Problem details: Whenever a line in the entries below contains the string "mulrC", copy that line.

Records from a data source:
****************

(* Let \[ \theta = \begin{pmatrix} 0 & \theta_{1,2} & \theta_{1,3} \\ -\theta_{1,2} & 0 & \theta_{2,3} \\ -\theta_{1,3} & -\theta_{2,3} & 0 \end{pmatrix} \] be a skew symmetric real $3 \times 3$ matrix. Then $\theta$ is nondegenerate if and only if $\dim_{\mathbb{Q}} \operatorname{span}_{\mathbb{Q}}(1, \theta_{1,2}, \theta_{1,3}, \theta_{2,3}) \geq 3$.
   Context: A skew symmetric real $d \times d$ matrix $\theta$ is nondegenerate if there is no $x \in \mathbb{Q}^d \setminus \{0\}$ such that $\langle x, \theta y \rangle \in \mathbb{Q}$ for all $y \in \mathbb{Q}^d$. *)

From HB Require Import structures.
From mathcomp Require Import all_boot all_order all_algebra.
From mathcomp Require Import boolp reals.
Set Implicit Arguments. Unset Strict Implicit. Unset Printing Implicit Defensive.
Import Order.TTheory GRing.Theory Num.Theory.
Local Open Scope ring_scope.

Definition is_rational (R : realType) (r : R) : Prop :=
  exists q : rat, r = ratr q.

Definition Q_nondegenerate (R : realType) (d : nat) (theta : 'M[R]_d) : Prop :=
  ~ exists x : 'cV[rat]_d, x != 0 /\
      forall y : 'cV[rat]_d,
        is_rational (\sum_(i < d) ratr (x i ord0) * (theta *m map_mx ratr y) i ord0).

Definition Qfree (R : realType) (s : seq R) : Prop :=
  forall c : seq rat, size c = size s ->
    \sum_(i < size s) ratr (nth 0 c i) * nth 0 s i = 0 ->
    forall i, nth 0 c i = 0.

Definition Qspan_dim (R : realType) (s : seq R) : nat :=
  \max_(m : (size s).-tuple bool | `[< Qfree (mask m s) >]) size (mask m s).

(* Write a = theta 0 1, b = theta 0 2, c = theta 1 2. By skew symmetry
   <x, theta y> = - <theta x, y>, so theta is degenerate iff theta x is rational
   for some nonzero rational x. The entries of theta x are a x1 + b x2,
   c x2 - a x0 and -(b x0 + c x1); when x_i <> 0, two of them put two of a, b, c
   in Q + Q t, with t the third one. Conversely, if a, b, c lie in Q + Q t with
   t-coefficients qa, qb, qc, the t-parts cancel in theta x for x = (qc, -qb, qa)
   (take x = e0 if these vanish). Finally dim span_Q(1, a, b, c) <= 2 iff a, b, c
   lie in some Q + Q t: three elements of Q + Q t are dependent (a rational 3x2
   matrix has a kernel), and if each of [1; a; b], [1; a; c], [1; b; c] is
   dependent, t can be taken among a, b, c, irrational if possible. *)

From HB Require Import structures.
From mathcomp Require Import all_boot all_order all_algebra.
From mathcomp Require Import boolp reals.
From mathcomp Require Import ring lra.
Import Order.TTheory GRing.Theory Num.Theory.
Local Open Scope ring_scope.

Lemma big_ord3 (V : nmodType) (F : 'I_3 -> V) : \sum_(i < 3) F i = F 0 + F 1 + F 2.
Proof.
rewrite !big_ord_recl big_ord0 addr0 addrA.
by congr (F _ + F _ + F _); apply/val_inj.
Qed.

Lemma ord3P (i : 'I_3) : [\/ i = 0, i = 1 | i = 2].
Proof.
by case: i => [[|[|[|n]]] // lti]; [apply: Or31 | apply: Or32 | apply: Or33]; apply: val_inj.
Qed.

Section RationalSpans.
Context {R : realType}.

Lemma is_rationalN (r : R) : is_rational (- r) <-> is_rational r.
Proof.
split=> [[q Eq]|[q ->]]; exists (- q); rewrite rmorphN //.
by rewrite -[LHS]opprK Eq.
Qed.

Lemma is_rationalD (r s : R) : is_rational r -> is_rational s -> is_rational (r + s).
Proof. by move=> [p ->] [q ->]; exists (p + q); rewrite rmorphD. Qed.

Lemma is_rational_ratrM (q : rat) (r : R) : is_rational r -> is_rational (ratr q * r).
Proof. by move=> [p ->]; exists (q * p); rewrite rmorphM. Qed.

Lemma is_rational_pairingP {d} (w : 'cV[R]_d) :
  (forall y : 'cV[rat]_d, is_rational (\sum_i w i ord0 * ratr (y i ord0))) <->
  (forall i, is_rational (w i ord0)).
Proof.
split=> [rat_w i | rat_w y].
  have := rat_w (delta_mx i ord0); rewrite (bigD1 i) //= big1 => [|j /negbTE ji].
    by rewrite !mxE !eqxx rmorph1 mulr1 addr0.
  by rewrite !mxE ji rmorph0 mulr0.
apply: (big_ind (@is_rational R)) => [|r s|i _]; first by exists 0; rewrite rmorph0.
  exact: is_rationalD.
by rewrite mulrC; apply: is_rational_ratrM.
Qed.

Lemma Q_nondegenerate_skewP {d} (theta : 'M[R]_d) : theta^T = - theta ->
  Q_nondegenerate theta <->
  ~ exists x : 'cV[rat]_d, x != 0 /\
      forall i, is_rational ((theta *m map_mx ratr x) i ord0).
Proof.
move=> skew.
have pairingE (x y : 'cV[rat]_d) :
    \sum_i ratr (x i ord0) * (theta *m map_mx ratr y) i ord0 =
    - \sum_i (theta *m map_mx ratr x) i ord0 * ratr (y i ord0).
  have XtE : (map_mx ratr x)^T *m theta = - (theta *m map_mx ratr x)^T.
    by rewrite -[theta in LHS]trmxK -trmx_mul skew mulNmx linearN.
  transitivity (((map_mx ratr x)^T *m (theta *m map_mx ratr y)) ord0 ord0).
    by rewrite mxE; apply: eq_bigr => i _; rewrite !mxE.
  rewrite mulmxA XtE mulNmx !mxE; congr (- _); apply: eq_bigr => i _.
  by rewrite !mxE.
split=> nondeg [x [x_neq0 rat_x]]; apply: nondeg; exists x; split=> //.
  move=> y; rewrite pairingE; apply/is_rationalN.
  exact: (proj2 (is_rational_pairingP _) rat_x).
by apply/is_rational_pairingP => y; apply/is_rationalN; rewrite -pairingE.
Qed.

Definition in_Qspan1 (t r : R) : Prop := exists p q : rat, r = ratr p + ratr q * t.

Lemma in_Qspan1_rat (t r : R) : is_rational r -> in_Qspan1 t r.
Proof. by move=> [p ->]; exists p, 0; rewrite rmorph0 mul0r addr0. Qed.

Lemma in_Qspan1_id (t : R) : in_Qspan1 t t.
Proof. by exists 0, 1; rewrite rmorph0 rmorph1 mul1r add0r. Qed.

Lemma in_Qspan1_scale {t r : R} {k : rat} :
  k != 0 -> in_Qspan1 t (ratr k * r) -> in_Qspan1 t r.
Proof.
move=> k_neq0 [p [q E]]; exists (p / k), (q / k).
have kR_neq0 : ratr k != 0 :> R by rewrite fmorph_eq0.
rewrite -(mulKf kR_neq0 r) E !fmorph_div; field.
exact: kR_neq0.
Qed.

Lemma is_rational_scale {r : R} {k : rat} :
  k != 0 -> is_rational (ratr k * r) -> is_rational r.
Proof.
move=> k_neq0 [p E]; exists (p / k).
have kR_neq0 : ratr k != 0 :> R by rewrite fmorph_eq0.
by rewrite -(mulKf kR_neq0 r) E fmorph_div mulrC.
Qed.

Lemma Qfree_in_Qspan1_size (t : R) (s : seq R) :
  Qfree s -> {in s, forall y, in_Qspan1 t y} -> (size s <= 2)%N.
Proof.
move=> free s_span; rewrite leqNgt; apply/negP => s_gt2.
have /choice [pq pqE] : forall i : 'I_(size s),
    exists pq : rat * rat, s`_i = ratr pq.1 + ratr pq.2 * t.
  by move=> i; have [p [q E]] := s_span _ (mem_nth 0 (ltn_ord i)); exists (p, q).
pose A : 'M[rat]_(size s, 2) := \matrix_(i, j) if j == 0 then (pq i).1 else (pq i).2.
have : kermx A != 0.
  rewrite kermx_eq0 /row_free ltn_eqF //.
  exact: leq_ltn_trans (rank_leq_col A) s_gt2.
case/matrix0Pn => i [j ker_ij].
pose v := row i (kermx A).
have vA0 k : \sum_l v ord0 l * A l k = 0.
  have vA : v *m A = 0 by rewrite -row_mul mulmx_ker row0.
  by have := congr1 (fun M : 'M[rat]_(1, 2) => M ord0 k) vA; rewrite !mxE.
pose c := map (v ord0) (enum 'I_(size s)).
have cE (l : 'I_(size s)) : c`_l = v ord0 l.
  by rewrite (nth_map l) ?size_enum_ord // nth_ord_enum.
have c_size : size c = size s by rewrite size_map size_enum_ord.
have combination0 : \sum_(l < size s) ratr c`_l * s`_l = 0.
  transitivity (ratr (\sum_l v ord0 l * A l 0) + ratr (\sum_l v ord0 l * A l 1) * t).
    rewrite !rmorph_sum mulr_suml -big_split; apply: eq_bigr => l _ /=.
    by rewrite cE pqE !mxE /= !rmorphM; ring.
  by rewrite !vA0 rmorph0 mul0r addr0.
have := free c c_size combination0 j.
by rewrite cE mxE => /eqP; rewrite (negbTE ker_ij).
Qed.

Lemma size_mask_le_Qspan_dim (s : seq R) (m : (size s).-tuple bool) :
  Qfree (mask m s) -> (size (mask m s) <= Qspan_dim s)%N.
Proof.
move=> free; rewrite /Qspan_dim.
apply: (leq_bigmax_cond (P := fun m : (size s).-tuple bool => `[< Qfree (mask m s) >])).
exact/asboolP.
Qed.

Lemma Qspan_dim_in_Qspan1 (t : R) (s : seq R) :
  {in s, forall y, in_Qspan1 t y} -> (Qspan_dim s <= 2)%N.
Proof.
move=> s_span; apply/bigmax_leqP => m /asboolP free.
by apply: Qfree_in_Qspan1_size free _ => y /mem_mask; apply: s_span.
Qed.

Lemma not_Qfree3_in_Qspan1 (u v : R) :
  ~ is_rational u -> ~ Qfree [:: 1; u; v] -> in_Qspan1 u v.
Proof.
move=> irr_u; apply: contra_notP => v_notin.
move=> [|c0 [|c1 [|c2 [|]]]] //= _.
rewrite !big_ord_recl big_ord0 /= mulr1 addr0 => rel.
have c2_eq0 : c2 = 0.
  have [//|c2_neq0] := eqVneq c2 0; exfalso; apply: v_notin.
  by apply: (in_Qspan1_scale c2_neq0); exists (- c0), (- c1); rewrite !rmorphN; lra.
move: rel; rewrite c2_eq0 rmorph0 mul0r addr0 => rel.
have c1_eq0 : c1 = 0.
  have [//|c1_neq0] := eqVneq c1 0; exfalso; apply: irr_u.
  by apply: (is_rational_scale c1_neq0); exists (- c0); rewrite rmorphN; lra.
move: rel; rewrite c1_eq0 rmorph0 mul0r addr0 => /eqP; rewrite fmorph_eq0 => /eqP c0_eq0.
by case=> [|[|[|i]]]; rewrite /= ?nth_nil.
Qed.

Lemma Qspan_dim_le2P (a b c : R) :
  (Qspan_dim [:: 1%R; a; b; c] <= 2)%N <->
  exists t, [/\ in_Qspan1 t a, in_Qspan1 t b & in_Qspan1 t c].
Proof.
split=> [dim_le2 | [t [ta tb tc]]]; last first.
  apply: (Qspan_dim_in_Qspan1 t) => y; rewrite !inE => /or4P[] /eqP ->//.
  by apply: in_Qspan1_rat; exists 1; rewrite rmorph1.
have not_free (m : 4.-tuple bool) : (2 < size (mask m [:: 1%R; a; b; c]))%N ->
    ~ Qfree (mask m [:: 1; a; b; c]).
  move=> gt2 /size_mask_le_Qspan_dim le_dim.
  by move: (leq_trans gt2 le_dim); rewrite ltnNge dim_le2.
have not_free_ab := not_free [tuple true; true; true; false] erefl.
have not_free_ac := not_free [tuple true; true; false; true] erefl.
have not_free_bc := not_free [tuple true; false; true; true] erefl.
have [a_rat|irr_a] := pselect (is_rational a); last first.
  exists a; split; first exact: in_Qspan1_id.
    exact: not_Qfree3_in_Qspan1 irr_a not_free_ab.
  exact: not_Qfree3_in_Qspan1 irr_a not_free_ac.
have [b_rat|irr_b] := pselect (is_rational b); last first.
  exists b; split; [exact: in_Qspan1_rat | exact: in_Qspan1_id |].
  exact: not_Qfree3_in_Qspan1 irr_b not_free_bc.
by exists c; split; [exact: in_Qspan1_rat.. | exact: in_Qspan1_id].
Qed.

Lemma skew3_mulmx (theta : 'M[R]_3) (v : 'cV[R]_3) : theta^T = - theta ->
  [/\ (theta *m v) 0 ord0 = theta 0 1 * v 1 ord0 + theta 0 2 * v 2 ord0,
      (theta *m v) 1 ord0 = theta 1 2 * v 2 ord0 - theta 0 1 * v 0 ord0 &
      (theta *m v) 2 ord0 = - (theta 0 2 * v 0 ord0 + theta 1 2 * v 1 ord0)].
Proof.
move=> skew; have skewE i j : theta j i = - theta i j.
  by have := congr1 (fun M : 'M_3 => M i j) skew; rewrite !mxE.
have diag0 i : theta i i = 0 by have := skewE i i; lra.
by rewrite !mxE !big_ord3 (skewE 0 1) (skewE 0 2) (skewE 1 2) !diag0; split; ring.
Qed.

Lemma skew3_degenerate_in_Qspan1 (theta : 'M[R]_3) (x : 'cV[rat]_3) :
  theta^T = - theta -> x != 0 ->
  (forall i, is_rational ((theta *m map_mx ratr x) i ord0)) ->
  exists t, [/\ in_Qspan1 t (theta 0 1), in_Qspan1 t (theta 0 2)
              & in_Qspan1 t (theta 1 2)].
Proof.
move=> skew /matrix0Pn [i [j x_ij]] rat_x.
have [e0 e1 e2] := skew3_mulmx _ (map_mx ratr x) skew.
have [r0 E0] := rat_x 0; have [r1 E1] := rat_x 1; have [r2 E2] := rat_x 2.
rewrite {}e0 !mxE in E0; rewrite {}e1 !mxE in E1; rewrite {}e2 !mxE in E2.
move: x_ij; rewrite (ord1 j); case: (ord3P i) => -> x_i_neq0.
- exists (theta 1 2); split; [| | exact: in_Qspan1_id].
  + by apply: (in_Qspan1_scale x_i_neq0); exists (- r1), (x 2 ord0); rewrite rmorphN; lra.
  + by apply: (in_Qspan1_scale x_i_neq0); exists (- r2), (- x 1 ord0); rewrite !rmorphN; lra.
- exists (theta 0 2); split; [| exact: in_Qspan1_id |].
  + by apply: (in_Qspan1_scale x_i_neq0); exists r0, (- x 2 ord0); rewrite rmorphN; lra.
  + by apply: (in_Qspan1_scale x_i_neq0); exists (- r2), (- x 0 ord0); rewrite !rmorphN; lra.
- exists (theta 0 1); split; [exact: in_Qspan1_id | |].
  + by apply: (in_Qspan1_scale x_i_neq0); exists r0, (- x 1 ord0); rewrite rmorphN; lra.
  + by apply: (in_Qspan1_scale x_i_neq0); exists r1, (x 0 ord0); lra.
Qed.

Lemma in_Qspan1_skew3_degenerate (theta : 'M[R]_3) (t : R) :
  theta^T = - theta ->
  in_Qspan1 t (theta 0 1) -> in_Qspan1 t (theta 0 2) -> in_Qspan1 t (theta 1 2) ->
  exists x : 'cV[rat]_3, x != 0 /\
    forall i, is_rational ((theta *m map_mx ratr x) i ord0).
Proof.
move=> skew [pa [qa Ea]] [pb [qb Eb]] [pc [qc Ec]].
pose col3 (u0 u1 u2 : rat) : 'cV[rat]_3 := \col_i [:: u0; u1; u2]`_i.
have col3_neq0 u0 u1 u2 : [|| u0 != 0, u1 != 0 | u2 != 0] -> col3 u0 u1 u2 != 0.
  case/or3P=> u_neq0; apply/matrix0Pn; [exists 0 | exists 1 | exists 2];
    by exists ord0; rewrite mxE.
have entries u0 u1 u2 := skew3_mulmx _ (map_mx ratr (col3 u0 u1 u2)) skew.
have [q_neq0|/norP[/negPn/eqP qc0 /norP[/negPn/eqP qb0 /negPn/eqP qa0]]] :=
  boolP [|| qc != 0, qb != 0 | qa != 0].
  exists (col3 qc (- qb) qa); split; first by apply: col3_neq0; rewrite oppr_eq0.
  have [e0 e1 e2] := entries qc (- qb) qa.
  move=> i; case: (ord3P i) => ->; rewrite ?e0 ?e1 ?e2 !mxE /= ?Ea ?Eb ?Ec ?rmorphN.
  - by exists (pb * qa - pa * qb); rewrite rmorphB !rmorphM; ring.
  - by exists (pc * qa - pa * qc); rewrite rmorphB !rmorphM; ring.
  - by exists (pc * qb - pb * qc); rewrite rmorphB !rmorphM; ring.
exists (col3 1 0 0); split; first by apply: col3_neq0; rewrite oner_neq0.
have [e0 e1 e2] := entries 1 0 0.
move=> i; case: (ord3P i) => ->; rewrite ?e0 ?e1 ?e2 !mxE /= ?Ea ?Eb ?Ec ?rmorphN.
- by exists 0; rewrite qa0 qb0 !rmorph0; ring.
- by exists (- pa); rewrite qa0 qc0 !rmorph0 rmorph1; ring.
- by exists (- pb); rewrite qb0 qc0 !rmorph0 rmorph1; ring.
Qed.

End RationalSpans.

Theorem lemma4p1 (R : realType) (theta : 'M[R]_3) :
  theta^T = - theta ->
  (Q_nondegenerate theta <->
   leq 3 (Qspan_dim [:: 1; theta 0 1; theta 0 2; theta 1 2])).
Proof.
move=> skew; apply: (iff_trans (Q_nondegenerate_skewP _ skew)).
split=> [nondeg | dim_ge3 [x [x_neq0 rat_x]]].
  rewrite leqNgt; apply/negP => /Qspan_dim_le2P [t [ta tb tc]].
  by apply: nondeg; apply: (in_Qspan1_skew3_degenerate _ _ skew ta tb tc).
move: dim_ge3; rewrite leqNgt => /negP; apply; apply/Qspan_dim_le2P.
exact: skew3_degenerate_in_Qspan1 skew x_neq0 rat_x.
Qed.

****************

Response area:
by rewrite mulrC; apply: is_rational_ratrM.
by rewrite -(mulKf kR_neq0 r) E fmorph_div mulrC.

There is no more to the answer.